NuMeTriS provides solvers for the binary models DBCM and RBCM, and the conditional weighted models CReMa and CRWCM.
All of these models are explained in [[1](https://www.nature.com/articles/s41598-024-53655-3)].
The use of DBCM and CReMa enable the user to explicitly constrain network properties based on direction, such as out-degree, in-degree (binary) and out-strength and in-strength (weighted).
In contrast, the use of RBCM and CRWCM enable the user to constrain network properties based on both direction and reciprocity, such as the reciprocated and non-reciprocated degrees and the reciprocated and non-reciprocated strengths.
Moreover, after solving the models it is possible to generate the related ensembles and compute triadic occurrences, the arithmetic mean of the weights on triadic structures (average fluxes) and their geometric mean (intensities). While triadic occurrences and fluxes are explained in [[1](https://www.nature.com/articles/s41598-024-53655-3)], the triadic intensity is the geometric mean of the weights in triadic structures, as explained in [[2](https://journals.aps.org/pre/abstract/10.1103/PhysRevE.71.065103)] but here defined for all 13 sub-graphs.
To explore Maximum-Entropy modeling on networks, checkout [Maximum Entropy Hub](https://meh.imtlucca.it/).
When using the module for your scientific research please consider citing:
```
@article{divece2024commodityspecific,
title={Commodity-specific triads in the Dutch inter-industry production network},
author={Marzio Di Vece and Frank P. Pijpers and Diego Garlaschelli},
year={2024},
eprint={2305.12179},
journal = {Scientific Reports},
number={14},
pages = {3625}
}
```
#### Contents
- [NuMeTriS: NUll ModEls for TRIadic Structures](#dygys-dyadic-gravity-regression-models-with-soft-constraints)
- [Contents](#contents)
- [Currently Available Models](#currently-available-models)

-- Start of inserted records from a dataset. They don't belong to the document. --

Lemma gdist_gt n a b : n < #|T| -> ~~ reach adj n a b -> n < gdist adj a b.
Proof.
move=> nT; rewrite ltnNge; apply: contra => le_n.
have has_r : has (fun k => reach adj k a b) (iota 0 #|T|).
  by rewrite has_find size_iota (leq_ltn_trans le_n nT).
move: (nth_find 0 has_r); rewrite nth_iota ?add0n; first exact: reach_mono.
exact: leq_ltn_trans le_n nT.
Qed.

Lemma gdist_refl a : gdist adj a a = 0.
Proof. by apply/eqP; rewrite -leqn0 gdist_le //=; apply/card_gt0P; exists a. Qed.

Lemma gdist_adj_le1 a b : adj a b -> gdist adj a b <= 1.
Proof.
move=> ab; have [<-|nab] := eqVneq a b; first by rewrite gdist_refl.
by apply: gdist_le; rewrite ?reach1 ?ab ?orbT // (card_ge_uniq (s := [:: a; b])) //= inE nab.
Qed.

Lemma gdist_gt0 a b : a != b -> 0 < gdist adj a b.
Proof. by move=> nab; apply: gdist_gt => //; apply/card_gt0P; exists a. Qed.

Lemma gdist_gt1 a b : a != b -> ~~ adj a b -> 1 < gdist adj a b.
Proof.
move=> nab nadj; apply: gdist_gt; last by rewrite reach1 negb_or nab.
by rewrite (card_ge_uniq (s := [:: a; b])) //= inE nab.
Qed.

Lemma gdist_gt2 a b : 2 < #|T| -> a != b -> ~~ adj a b ->
  (forall z, adj a z -> ~~ adj z b) -> 2 < gdist adj a b.
Proof.
move=> T3 nab nadj no_path; apply: gdist_gt => //.
change (~~ (reach adj 1 a b || [exists z, reach adj 1 a z && adj z b])).
rewrite reach1 !negb_or nab nadj !andTb.
apply/existsPn => z.
rewrite reach1 negb_and negb_or; case: eqP => [<-|_] //=.
by rewrite -implybE; apply/implyP/no_path.
Qed.

End Distance.

Local Open Scope ring_scope.

Section SumIndicator.
Variables (R : realType) (T : finType).
Implicit Types (A B : {set T}).

Lemma sum_eq_mul (t : T) (F : T -> R) : \sum_b (b == t)%:R * F b = F t.
Proof.
rewrite (bigD1 t) //= eqxx mul1r big1 ?addr0 // => b /negbTE->.
by rewrite mul0r.
Qed.

Lemma sum_mem_card A B : \sum_(a in A) ((a \in B)%:R : R) = #|A :&: B|%:R.
Proof.
rewrite (eq_bigr (fun a => if a \in B then 1 else 0)); last by move=> a _; case: (a \in B).
rewrite -big_mkcondr sumr_const; congr (_%:R).
by apply: eq_card => a; rewrite !inE.
Qed.

Lemma sum_injective_eq A (s : T -> T) b : {in A &, injective s} ->
  \sum_a ((a \in A)%:R * (b == s a)%:R : R) = (b \in s @: A)%:R.
Proof.
move=> inj_s; have [/imsetP[a0 a0A ->]|nb] := boolP (b \in s @: A).
  rewrite (bigD1 a0) //= a0A eqxx mulr1 big1 ?addr0 // => a a_a0.
  case: (boolP (a \in A)) => aA; last by rewrite mul0r.
  by case: eqP => [/inj_s e|]; [rewrite e ?eqxx in a_a0 | rewrite mulr0].
rewrite big1 // => a _; case: (boolP (a \in A)) => aA; last by rewrite mul0r.
by case: eqP => [bsa|]; [rewrite bsa imset_f in nb | rewrite mulr0].
Qed.

End SumIndicator.

Section Transport.
Variables (R : realType) (T : finType) (adj : rel T).
Implicit Types (f g : T -> R) (A : T -> T -> R).
Lemma approvals_party m (A : profile m) P Q c :
  party_list_wrt A P -> Q \in P -> c \in Q -> approvals A c = party_support A Q.
Proof.
case=> /and3P[_ P_triv _] ballot_P Q_P cQ; apply: eq_card => i; rewrite !inE.
apply/idP/eqP => [c_i | -> //].
by rewrite -(def_pblock P_triv (ballot_P i) c_i) (def_pblock P_triv Q_P cQ).
Qed.

Lemma AV_excellence m k : excellence (AV m k).
Proof.
move=> A P A_P W W_in Pi Pj Pi_P Pj_P lt Pi_W.
apply/subsetP => c c_Pj; apply/negPn/negP => c_W.
have /set0Pn[d d_Pi] : Pi != set0.
  by case: A_P => /and3P[_ _ P0] _; apply: contraNneq P0 => <-.
have d_W : d \in W := subsetP Pi_W d d_Pi.
move: W_in; rewrite inE => /andP[/eqP Wk /forallP W_max].
have c_Wd : c \notin W :\ d by rewrite inE negb_and c_W orbT.
have W'k : #|c |: (W :\ d)| = k by rewrite cardsU1 c_Wd /= -Wk (cardsD1 d W) d_W.
have := implyP (W_max (c |: (W :\ d))); rewrite W'k eqxx => /(_ isT).
rewrite !AV_score ler_nat big_setU1 //= [X in (_ <= X)%N](big_setD1 d) //=.
rewrite (approvals_party A_P Pi_P d_Pi) (approvals_party A_P Pj_P c_Pj).
by move: lt; lia.
Qed.

Lemma AV_thiele m k : (k <= m)%N -> is_thiele_rule k (AV m k).
Proof.
move=> km; split.
  move=> A; split; first exact: thiele_outcome_neq0.
  by move=> W; rewrite inE => /andP[/eqP].
exists (fun x : nat => x%:R); split; first by [].
by split=> // x y /andP[xy _]; rewrite ler_nat.
Qed.

Lemma thiele_outcome_linear m k (s : nat -> Rdefinitions.R) c (A : profile m) :
  0 < c -> (forall x, (x <= k)%N -> s x = c *+ x) ->
  thiele_outcome k s A = AV m k A.
Proof.
move=> c_gt0 s_lin.
have score (W : {set 'I_m}) : #|W| = k ->
    thiele_score s A W = c * thiele_score (fun x : nat => x%:R) A W.
  move=> Wk; rewrite /thiele_score mulr_sumr; apply: eq_bigr => i _.
  by rewrite s_lin ?mulr_natr // -Wk subset_leq_card ?subsetIr.
apply/setP => W; rewrite /AV !inE; case Wk: (#|W| == k) => //=.
apply: eq_forallb => W'; case W'k: (#|W'| == k) => //=.
by rewrite !score ?(eqP Wk) ?(eqP W'k) // ler_pM2l.
Qed.

Theorem proposition1 (m k : nat) (hk1 : (1 <= k)%N) (hkm : (k <= m - 1)%N) :
  is_thiele_rule k (AV m k) /\ excellence (AV m k) /\
  forall f : rule m, is_thiele_rule k f -> excellence f ->
    forall A : profile m, f A = AV m k A.
Proof.
have k_lt_m : (k < m)%N by lia.
split; first exact: AV_thiele (ltnW k_lt_m).
split; first exact: AV_excellence.
move=> f [_ [s [s0 [s_mono f_s]]]] f_exc A.
have s_exc : excellence (fun A : profile m => thiele_outcome k s A).
  by move=> B P B_P W; rewrite -f_s; apply: f_exc.
rewrite f_s (thiele_outcome_linear _ (s1_gt0 hk1 k_lt_m s0 s_exc)) //.
exact: s_linear hk1 k_lt_m s0 s_mono s_exc.
Qed.
(* Let $k$, $d$ and $n$ be positive integers such that $k \ge 6$ is even, $d \ge 2$, and $n \ge\frac{d+1}{8}(k^2-2sk+4s-4) + 1$, where $s \in \{0,1\}$ with $s \equiv \frac{k-2}{2} \pmod 2$. Then, for any function $f:[n] \rightarrow \{-1,1\}$ such that $|f([n])| \le \frac{d-1}{d+1}n$, there exists a $(d,k)$-block $A\subseteq[n]$ with $f(A)=0$.
   Context: $[n]=\{1,\dots,n\}$; $f(Y)=\sum_{y\in Y}f(y)$. A $(d,k)$-block in $[n]$ is a set $\{a_1,\dots,a_k\}\subseteq[n]$ of integers with $a_1<a_2<\dots<a_k$ and $a_{i+1}-a_i\le d$ for all $1\le i\le k-1$. *)

From mathcomp Require Import all_boot all_order all_algebra.
Set Implicit Arguments. Unset Strict Implicit. Unset Printing Implicit Defensive.
Import Order.TTheory GRing.Theory Num.Theory.
Local Open Scope ring_scope.

Definition fsum (f : nat -> int) (Y : seq nat) : int := \sum_(y <- Y) f y.

(* A (d,k)-block in [n]: a set {a_1 < ... < a_k} subset of [n] with
   a_{i+1} - a_i <= d.  Represented by its increasing enumeration. *)
Definition dk_block (n d k : nat) (A : seq nat) : Prop :=
  [/\ size A = k, sorted ltn A, all (fun a => (1 <= a <= n)%N) A
    & sorted (fun a b => (b <= a + d)%N) A].

From mathcomp Require Import all_boot all_order all_algebra.
From mathcomp Require Import zify.
From Stdlib Require Import Classical.
Import Order.TTheory GRing.Theory Num.Theory.

Set Implicit Arguments.
Unset Strict Implicit.
Unset Printing Implicit Defensive.

(* Suppose no (d,k)-block has f-sum 0.  A block sum is k minus twice the
   number of -1's in the block, hence even, and exchanging one element of a
   block changes it by at most 2.  Every block is linked to the rightmost
   interval by such exchanges, so all block sums have the same sign, positive
   after replacing f by -f.  Then no block contains k/2 = w + 1 of the -1's:
   bridging the gaps between any w + 1 of them by steps of length at most d
   needs at least w + 2 extra points.  Cutting the sorted positions of the
   M >= n/(d+1) entries -1 into windows of w gaps, their span, which is less
   than n <= (d+1)M, is at least M - 1 plus d (w + 2) per window.  This forces
   2M <= w (w + 2 - s) with s = w mod 2, contradicting the lower bound on n. *)

Definition dstep (d : nat) : rel nat := fun a b => a < b <= a + d.

Lemma dstep_ltn d : subrel (dstep d) ltn.
Proof. by move=> a b /andP[]. Qed.

Lemma dk_blockE n d k A :
  dk_block n d k A <->
  [/\ size A = k, all (fun a => 0 < a <= n) A & sorted (dstep d) A].
Proof.
have -> : sorted (dstep d) A = sorted ltn A && sorted (fun a b => b <= a + d) A.
  by rewrite -sorted_relI.
by rewrite /dk_block; split=> [[-> -> -> ->]|[-> -> /andP[-> ->]]].
Qed.

Lemma dk_block_iota n d k a :
  0 < d -> 0 < a -> a + k <= n.+1 -> dk_block n d k (iota a k).
Proof.
move=> d_gt0 a_gt0 akn; apply/dk_blockE; split; first exact: size_iota.
  by apply/allP=> x; rewrite mem_iota; lia.
elim: k a {a_gt0 akn} => [|[|k] IH] a //.
have := IH a.+1; rewrite /= => ->; rewrite andbT /dstep; lia.
Qed.

Lemma path_ltn_bounds x s :
  path ltn x s -> all (fun a => x <= a <= last x s) (x :: s).
Proof.
elim: s x => [|y s IH] x; first by rewrite /= leqnn.
case/andP=> xy /IH /allP ys; have yl := ys y (mem_head _ _).
by apply/allP=> a; rewrite [last _ _]/= inE => /predU1P[->|/ys]; lia.
Qed.
Lemma stage_ends_infinitely_often N : exists2 t, (N <= t)%N & stage_end t.
Proof.
have [s0 _ step] := process.
apply: contrapT => no_end.
have trading t : (N <= t)%N -> sg t.+1 = sg t /\ trade_step u (delta (sg t)) (s t) (s t.+1).
  by move=> Nt; case: (step t) => // -[no_trade next _]; exfalso; apply: no_end; exists t.
have same_stage k : sg (N + k)%N = sg N.
  elim: k => [|k IH]; first by rewrite addn0.
  by rewrite addnS (trading _ (leq_addr k N)).1 IH.
apply: (no_infinite_trades ua (dpos (sg N)) (path_Xpos ua Xx0 s0 staged_trade_path N)).
exists (fun k => s (N + k)%N); split => [|k]; first by rewrite addn0.
by rewrite addnS -(same_stage k); exact: (trading _ (leq_addr k N)).2.
Qed.

Lemma stage_unbounded K : exists N, forall t, (N <= t)%N -> (K <= sg t)%N.
Proof.
elim: K => [|K [N HN]]; first by exists 0%N.
have [t Nt [_ next]] := stage_ends_infinitely_often N.
exists t.+1 => t' tt'; apply: leq_trans (stage_nondecr tt').
by rewrite next ltnS; exact: HN.
Qed.

Lemma premium_vanishes i j : j != ord0 -> (fun t => delta (sg t) i j) @ \oo --> 0.
Proof.
move=> j0; apply/cvgrPdist_lt => e e0.
move/cvgrPdist_lt: dcvg => /(_ e e0) [K _ HK].
have [N HN] := stage_unbounded K.
exists N => // t Nt /=; rewrite sub0r normrN gtr0_norm ?dpos //.
have dmax : delta (sg t) i j <= maxprem (delta (sg t)).
  by apply: (premium_le_maxprem i _ j0) => ? ? /dpos /ltW.
apply: le_lt_trans dmax _.
by have := HK _ (HN _ Nt); rewrite /= sub0r normrN => /(le_lt_trans (ler_norm _)).
Qed.

Lemma stage_end_limit_thresholds_le U (xb : St) i i' j :
  ProperFilter U -> U --> \oo -> U stage_end ->
  (forall i, Xpos (xb i)) -> (forall i, (fun t => s t i) @ U --> xb i) ->
  j != ord0 -> i != i' -> pthr (u i') (xb i') j <= pthr (u i) (xb i) j.
Proof.
move=> PU Uoo Uend Xb sb j0 ii'.
have [s0 _ _] := process.
have premium_U k : (fun t => delta (sg t) k j) @ U --> 0.
  exact: cvg_trans (cvg_app _ Uoo) (premium_vanishes k j0).
have sell_cvg : (fun t => pthr (u i) (s t i) j + delta (sg t) i j + delta (sg t) i' j) @ U -->
    pthr (u i) (xb i) j + 0 + 0.
  exact: cvgD (cvgD (pthr_cvg PU (ua i) (Xb i) (sb i)) (premium_U i)) (premium_U i').
rewrite !addr0 in sell_cvg.
apply: (ler_cvg_to (pthr_cvg PU (ua i') (Xb i') (sb i')) sell_cvg).
apply: filterS Uend => t [no_trade _] /=.
case: (leP (psell u (delta (sg t)) (s t) i j) (pbuy u (delta (sg t)) (s t) i' j)) => avail.
  exfalso; apply: no_trade; exists i, i', j, (psell u (delta (sg t)) (s t) i j).
  by split => //; [exact (path_Xpos ua Xx0 s0 staged_trade_path t i j) | rewrite lexx avail].
by move: avail; rewrite /psell /pbuy => avail; apply: ltW; lra.
Qed.
(* Let $\alpha$ be a nonzero real number. A regular curve in $\mathbb S^2$ with constant curvature, not passing through $N$, is an $\alpha$-stationary curve if and only if one of the following holds: (1) it is contained in a geodesic (great circle) passing through $N$ (this case occurs for every value of $\alpha$); (2) it is contained in a circle of radius $r\in(0,\pi)$ centered at $N$ and $\alpha=-r\cot(r)$.
   Context: $\mathbb S^2\subset\mathbb R^3$ is the unit sphere with the Euclidean inner product. It is parametrized by $\Psi(u,v)=(\sin u\cos v,\sin u\sin v,\cos u)$, and $N=(0,0,1)$. The spherical distance from $\Psi(u,v)$ to $N$ is $u\in[0,\pi]$. The circle of radius $r$ centered at $N$ is $\{\Psi(r,v)\}$. For a regular curve $\gamma(t)=\Psi(u(t),v(t))$, the unit normal is $\mathbf n=(\gamma'\times\gamma)/|\gamma'|$ and the curvature is $\kappa=\langle\gamma'',\mathbf n\rangle/|\gamma'|^2$. The energy is $$E_\alpha[\gamma]=\int_\gamma \mathsf d^\alpha ds=\int u^\alpha\sqrt{u'^2+\sin^2(u)v'^2}\,dt,$$ where $\mathsf d$ is the distance to $N$. An $\alpha$-stationary curve is a critical point of $E_\alpha$, i.e. $(u,v)$ satisfies its Euler–Lagrange equations. Throughout the paper, $\alpha\ne0$ and curves avoid $N$. *)

From Stdlib Require Import Reals.
From Coquelicot Require Import Coquelicot.
Open Scope R_scope.

Definition vec3 := (R * R * R)%type.
Definition dot3 (x y : vec3) : R :=
  let '(x1, x2, x3) := x in let '(y1, y2, y3) := y in x1 * y1 + x2 * y2 + x3 * y3.
Definition cross3 (x y : vec3) : vec3 :=
  let '(x1, x2, x3) := x in let '(y1, y2, y3) := y in
  (x2 * y3 - x3 * y2, x3 * y1 - x1 * y3, x1 * y2 - x2 * y1).
Definition norm3 (x : vec3) : R := sqrt (dot3 x x).

Definition Npole : vec3 := (0, 0, 1).
Definition Psi (u v : R) : vec3 := (sin u * cos v, sin u * sin v, cos u).

Definition gamma (u v : R -> R) (t : R) : vec3 := Psi (u t) (v t).
Definition gamma1 (u v : R -> R) (t : R) : vec3 :=
  (Derive (fun s => fst (fst (gamma u v s))) t,
   Derive (fun s => snd (fst (gamma u v s))) t,
   Derive (fun s => snd (gamma u v s)) t).
Definition gamma2 (u v : R -> R) (t : R) : vec3 :=
  (Derive (fun s => fst (fst (gamma1 u v s))) t,
   Derive (fun s => snd (fst (gamma1 u v s))) t,
   Derive (fun s => snd (gamma1 u v s)) t).

Definition unit_normal (u v : R -> R) (t : R) : vec3 :=
  let c := cross3 (gamma1 u v t) (gamma u v t) in
  let k := / norm3 (gamma1 u v t) in
  let '(c1, c2, c3) := c in (k * c1, k * c2, k * c3).
Definition curvature (u v : R -> R) (t : R) : R :=
  dot3 (gamma2 u v t) (unit_normal u v t) / (norm3 (gamma1 u v t)) ^ 2.

Definition Lag (alpha : R) (x y p q : R) : R :=
  Rpower x alpha * sqrt (p ^ 2 + (sin x) ^ 2 * q ^ 2).

(* alpha-stationary: (u,v) satisfies the Euler-Lagrange equations of E_alpha on (a,b):
     d/dt (dL/du') = dL/du   and   d/dt (dL/dv') = dL/dv. *)
Definition stationary (alpha a b : R) (u v : R -> R) : Prop :=
  forall t, a < t < b ->
    is_derive (fun s => Derive (fun p => Lag alpha (u s) (v s) p (Derive v s)) (Derive u s)) t
              (Derive (fun x => Lag alpha x (v t) (Derive u t) (Derive v t)) (u t))
 /\ is_derive (fun s => Derive (fun q => Lag alpha (u s) (v s) (Derive u s) q) (Derive v s)) t
              (Derive (fun y => Lag alpha (u t) y (Derive u t) (Derive v t)) (v t)).

Definition on_great_circle_through_N (w : vec3) (x : vec3) : Prop :=
  w <> (0, 0, 0) /\ dot3 w Npole = 0 /\ norm3 x = 1 /\ dot3 w x = 0.

Definition on_circle_N (r : R) (x : vec3) : Prop := exists v, x = Psi r v.

(* Both Euler-Lagrange equations of [E_alpha] are multiples of one quantity, the defect of the
   curvature equation [kappa = alpha <grad d, n> / d], where [<grad d, n> = sin u v' / |gamma'|].
   If [kappa = c] is constant, then either [c = 0], so [v' = 0] and the curve is a meridian, or the
   momentum of the cyclic coordinate [v] becomes [(c / alpha) u^(1 + alpha) sin u]; its
   conservation gives [u' h(u) = 0] with [h(x) = (1 + alpha) sin x + x cos x], and since
   [h + h'' = - 2 sin], differentiating twice along [u] forces [u' = 0]. On a parallel [u = r]
   the curvature equation reads [alpha = - r cot r]. Conversely, meridians and these parallels
   satisfy the curvature equation. *)

From Stdlib Require Import Reals Lra Nsatz.
From Coquelicot Require Import Coquelicot.
Open Scope R_scope.

Lemma locally_open_interval (a b t : R) : a < t < b -> locally t (fun s => a < s < b).
Proof. exact (open_and _ _ (open_gt a) (open_lt b) t). Qed.

Lemma is_derive_eq (f : R -> R) (x l1 l2 : R) : is_derive f x l1 -> is_derive f x l2 -> l1 = l2.
Proof. intros H1 H2. apply is_derive_unique in H1, H2. congruence. Qed.

Lemma is_derive_locally_const (f : R -> R) (c t : R) :
  locally t (fun s => f s = c) -> is_derive f t 0.
Proof.
  intros Hf. apply (is_derive_ext_loc (fun _ => c)).
  - apply (filter_imp _ _ (fun s Hs => eq_sym Hs) Hf).
  - exact (is_derive_const (V := R_NormedModule) c t).
Qed.

Lemma is_derive_const_on (f : R -> R) (a b c t : R) :
  (forall s, a < s < b -> f s = c) -> a < t < b -> is_derive f t 0.
Proof.
  intros Hf Ht. apply (is_derive_locally_const _ c).
  exact (filter_imp _ _ Hf (locally_open_interval a b t Ht)).
Qed.

Lemma is_derive_zero_const_on (f : R -> R) (a b : R) :
  (forall t, a < t < b -> is_derive f t 0) ->
  forall t1 t2, a < t1 < b -> a < t2 < b -> f t1 = f t2.
Proof.
  intros Hf t1 t2 H1 H2.
  assert (Hin : forall x, Rmin t1 t2 <= x <= Rmax t1 t2 -> a < x < b).
  { intros x Hx.
    pose proof (Rmin_glb_lt t1 t2 a (proj1 H1) (proj1 H2)).
    pose proof (Rmax_lub_lt t1 t2 b (proj2 H1) (proj2 H2)). lra. }
  destruct (MVT_gen f t1 t2 (fun _ => 0)) as [c [_ Hc]].
  - intros x Hx. apply Hf, Hin. lra.
  - intros x Hx. apply derivable_continuous_pt. exists 0.
    apply is_derive_Reals, Hf, Hin, Hx.
  - lra.
Qed.

Definition twice_derivable_on (a b : R) (f : R -> R) : Prop :=
  forall t, a < t < b -> ex_derive f t /\ ex_derive (Derive f) t.

Lemma twice_derivable_on_smooth (a b : R) (f : R -> R) :
  (forall (n : nat) t, a < t < b -> ex_derive_n f n t) -> twice_derivable_on a b f.
Proof. intros Hf t Ht. exact (conj (Hf 1%nat t Ht) (Hf 2%nat t Ht)). Qed.

Lemma Derive_mul_comp_eq0_deriv (a b : R) (f F dF : R -> R) :
  twice_derivable_on a b f -> (forall x, is_derive F x (dF x)) ->
  (forall t, a < t < b -> Derive f t * F (f t) = 0) ->
  forall t, a < t < b -> Derive f t * dF (f t) = 0.
Proof.
  intros Hf HF H t Ht.
  destruct (Req_dec (Derive f t) 0) as [E|E]; [rewrite E; ring|].
  destruct (Hf t Ht) as [Hf1 Hf2].
  assert (Hnear : locally t (fun s => a < s < b /\ Derive f s <> 0)).
  { apply filter_and; [now apply locally_open_interval|].
    apply (ex_derive_continuous (Derive f) t Hf2 (fun y => y <> 0)).
    now apply open_neq. }
  assert (HF0 : is_derive (fun s => F (f s)) t 0).
  { apply (is_derive_locally_const _ 0). revert Hnear. apply filter_imp.
    intros s [Hs Hfs]. specialize (H s Hs). apply Rmult_integral in H. tauto. }
  apply (is_derive_eq (fun s => F (f s)) t); [|exact HF0].
  apply (is_derive_comp F f). apply HF. now apply Derive_correct.
Qed.

Lemma Derive_eq0_of_Derive_mul_comp_eq0 (alpha a b : R) (f : R -> R) :
  twice_derivable_on a b f -> (forall t, a < t < b -> sin (f t) <> 0) ->
  (forall t, a < t < b -> Derive f t * ((1 + alpha) * sin (f t) + f t * cos (f t)) = 0) ->
  forall t, a < t < b -> Derive f t = 0.
Proof.
  intros Hf Hsin H0.
  set (h := fun x => (1 + alpha) * sin x + x * cos x) in H0.
  set (dh := fun x => (2 + alpha) * cos x - x * sin x).
  set (d2h := fun x => - (3 + alpha) * sin x - x * cos x).
  assert (H1 : forall t, a < t < b -> Derive f t * dh (f t) = 0).
  { apply (Derive_mul_comp_eq0_deriv a b f h); [exact Hf | | exact H0].
    intros x. unfold h, dh. auto_derive; [exact I | ring]. }
  assert (H2 : forall t, a < t < b -> Derive f t * d2h (f t) = 0).
  { apply (Derive_mul_comp_eq0_deriv a b f dh); [exact Hf | | exact H1].
    intros x. unfold dh, d2h. auto_derive; [exact I | ring]. }
  intros t Ht.
  assert (E : Derive f t * sin (f t) = 0).
  { pose proof (H0 t Ht) as E0. pose proof (H2 t Ht) as E2. unfold h, d2h in *. lra. }
  apply Rmult_integral in E. destruct E as [E|E]; [exact E|].
  exfalso. exact (Hsin t Ht E).
Qed.

Definition rotz (y : R) (X : vec3) : vec3 :=
  let '(x1, x2, x3) := X in (cos y * x1 - sin y * x2, sin y * x1 + cos y * x2, x3).

Lemma dot3_rotz (y : R) (X Y : vec3) : dot3 (rotz y X) (rotz y Y) = dot3 X Y.
Proof.
  destruct X as [[x1 x2] x3], Y as [[y1 y2] y3]; simpl.
  pose proof (sin2_cos2 y) as H; unfold Rsqr in H. nsatz.
Qed.

Lemma cross3_rotz (y : R) (X Y : vec3) : cross3 (rotz y X) (rotz y Y) = rotz y (cross3 X Y).
Proof.
  destruct X as [[x1 x2] x3], Y as [[y1 y2] y3]; simpl.
  pose proof (sin2_cos2 y) as H; unfold Rsqr in H. f_equal; [f_equal|]; nsatz.
Qed.

Ltac fold_eta :=
  repeat match goal with
  | |- context [Derive (fun x => ?f x) ?t] => change (Derive (fun x => f x) t) with (Derive f t)
  end.

Definition sq_speed (u v : R -> R) (t : R) : R :=
  Derive u t ^ 2 + sin (u t) ^ 2 * Derive v t ^ 2.

Definition curvature_numerator (u v : R -> R) (t : R) : R :=
  sin (u t) * Derive v t * Derive (Derive u) t - sin (u t) ^ 2 * cos (u t) * Derive v t ^ 3
  - 2 * cos (u t) * Derive u t ^ 2 * Derive v t - sin (u t) * Derive u t * Derive (Derive v) t.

- [Installation](#installation)
- [Dependencies](#dependencies)
- [How-to Guidelines](#how-to-guidelines)
- [Class Instance and Empirical Network Statistics](#class-instance-and-empirical-network-statistics)
- [Solving the models](#solving-the-models)
- [Numerically Computing z-scores and significance profiles](#numerically-computing-z-scores-and-significance-profiles)
- [Documentation](#documentation)
- [Credits](#credits)
## Currently Available Models
NuMeTriS contains models for triadic motif detection on network data for continuous-valued semi-definite positive weights.
The available models are:
* **DBCM** *Directed Binary Configuration Model*
* **RBCM** *Reciprocated Binary Configuration Model*
* **DBCM+CReMa** *Mixture model of Directed Binary Configuration Model and Conditional Reconstruction Method A*
* **RBCM+CRWCM** *Mixture model of Reciprocated Binary Configuration Model and Conditionally Reciprocal Configuration Model*
Please refer to the paper for further details.
## Installation
NuMeTriS can be installed via [pip](https://pypi.org/project/NuMeTriS/). You can do it from your terminal
```
$ pip install NuMeTriS
```
If you already installed the package and want to upgrade it,
you can type from your terminal:
```
$ pip install NuMeTriS --upgrade
```
## Dependencies
NuMeTris uses the following dependencies:
* **scipy** for optimization and root solving of some of the models;
* **numba** for fast computation of network statistics and criterion functions.
* **matplotlib** in order to plot z-score profiles and significance profiles.
They can be easily installed via pip typing
$ pip install scipy
$ pip install numba
$ pip install matplotlib
## How-to Guidelines
The module containes the class Graph, initiated with a 2D weighted adjacency matrix, explaining the interactions present in the network data.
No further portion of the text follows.